**Exercise directions**.
Could you copy exactly the line that contains "Definition desc_chain_part (X" and every line after it to the end of the records, and nothing more?

--- Data supplied ---

Section gaussian_process_marginals.
Context {R : realType} {X : finType} {dO : measure_display}
  {Omega : measurableType dO}.
Context {P : probability Omega R} {F : Omega -> X -> R}.
Context {m : X -> R} {C : X -> X -> R}.
Hypothesis F_gp : is_gp P F m C.

Lemma is_gp_scaled_marginal (r : R) (x : X) :
  is_normal_rv P (fun w => r * F w x) (r * m x) (r ^+ 2 * C x x).
Proof.
pose a y := if y == x then r else 0.
have sum_a (h : X -> R) : \sum_(y : X) a y * h y = r * h x.
  rewrite (bigD1 x) //= big1 ?addr0 /a ?eqxx // => y /negbTE ->.
  by rewrite mul0r.
have sum2_a : \sum_(y : X) \sum_(z : X) a y * a z * C y z = r ^+ 2 * C x x.
  under eq_bigr do under eq_bigr do rewrite -mulrA.
  under eq_bigr do rewrite -big_distrr /= sum_a.
  by rewrite sum_a mulrA.
have := F_gp a; rewrite sum_a sum2_a.
by under [X in is_normal_rv _ X]funext do rewrite sum_a.
Qed.

Lemma is_gp_marginal (x : X) : is_normal_rv P (F^~ x) (m x) (C x x).
Proof.
have := is_gp_scaled_marginal 1 x; rewrite expr1n !mul1r.
by under [X in is_normal_rv _ X]funext do rewrite mul1r.
Qed.

Lemma is_gp_var_ge0 (x : X) : 0 <= C x x.
Proof.
apply: is_normal_rv_var_ge0 (is_gp_marginal x) _.
by have := is_gp_scaled_marginal 2 x; rewrite [2 ^+ 2]expr2 -natrM.
Qed.

End gaussian_process_marginals.

Section measure_bounds.
Context {d : measure_display} {T : measurableType d} {R : realType}.
Variable mu : {measure set T -> \bar R}.
(* Every unary FA-presentable quasi-order $(X,\le)$ decomposes as a finite disjoint union of trivial quasi-orders, countably infinite ascending chains, countably infinite descending chains, countably infinite anti-chains, and countably infinite strongly connected components; that is, $X$ can be partitioned into finitely many subsets, each of which, with the induced quasi-order, is either a one-element quasi-order, or a countably infinite set $\{x_1,x_2,\dots\}$ with $x_i\le x_j$ iff $i\le j$ (ascending chain), or one with $x_i\le x_j$ iff $i\ge j$ (descending chain), or a countably infinite set in which $x\le y$ only if $x=y$ (anti-chain), or a countably infinite set in which $x\le y$ for all $x,y$ (strongly connected component).
   Context: A quasi-order is a reflexive transitive binary relation. A structure $(X,\le)$ is unary FA-presentable if there exist a regular language $L\subseteq a^*$ over a one-letter alphabet and a surjection $\phi:L\to X$ such that both $\{(u,v)\in L^2: u\phi=v\phi\}$ and $\{(u,v)\in L^2:u\phi\le v\phi\}$ are regular relations, i.e. the corresponding sets of words $\mathrm{conv}(u,v)$ over $\{a,\$\}^2$ (reading $u$ and $v$ in parallel, padding the shorter with $\$$) are regular languages. *)

From mathcomp Require Import all_boot.
Set Implicit Arguments. Unset Strict Implicit. Unset Printing Implicit Defensive.

Definition regular (A : finType) (P : seq A -> Prop) : Prop :=
  exists (Q : finType) (q0 : Q) (d : Q -> A -> Q) (F : pred Q),
    forall w : seq A, P w <-> F (foldl d q0 w).

Definition unary_word (n : nat) : seq unit := nseq n tt.

(* Two-track alphabet {a,$}^2 is [bool * bool] (true = a, false = $).
   conv(a^m, a^n): length max(m,n), position i carries (i<m ? a : $, i<n ? a : $). *)
Definition conv (m n : nat) : seq (bool * bool) :=
  mkseq (fun i => (i < m, i < n)) (maxn m n).

Definition unary_lang (L : nat -> Prop) : seq unit -> Prop :=
  fun w => exists n, L n /\ w = unary_word n.

Definition conv_lang (L : nat -> Prop) (R : nat -> nat -> Prop)
  : seq (bool * bool) -> Prop :=
  fun w => exists m n, L m /\ L n /\ R m n /\ w = conv m n.

Definition unary_FA_presentable (X : Type) (le : X -> X -> Prop) : Prop :=
  exists (L : nat -> Prop) (phi : nat -> X),
    regular (unary_lang L) /\
    (forall x : X, exists n, L n /\ phi n = x) /\
    regular (conv_lang L (fun m n => phi m = phi n)) /\
    regular (conv_lang L (fun m n => le (phi m) (phi n))).

Definition quasi_order (X : Type) (le : X -> X -> Prop) : Prop :=
  (forall x, le x x) /\ (forall x y z, le x y -> le y z -> le x z).

Definition enumerates (X : Type) (P : X -> Prop) (f : nat -> X) : Prop :=
  (forall i j, f i = f j -> i = j) /\ (forall y, P y <-> exists i, f i = y).

Definition trivial_part (X : Type) (le : X -> X -> Prop) (P : X -> Prop) :=
  exists x, forall y, P y <-> y = x.

Definition asc_chain_part (X : Type) (le : X -> X -> Prop) (P : X -> Prop) :=
  exists f, enumerates P f /\ forall i j, le (f i) (f j) <-> i <= j.

Definition desc_chain_part (X : Type) (le : X -> X -> Prop) (P : X -> Prop) :=
  exists f, enumerates P f /\ forall i j, le (f i) (f j) <-> j <= i.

---

**Response to the task**.
Definition desc_chain_part (X : Type) (le : X -> X -> Prop) (P : X -> Prop) :=
  exists f, enumerates P f /\ forall i j, le (f i) (f j) <-> j <= i.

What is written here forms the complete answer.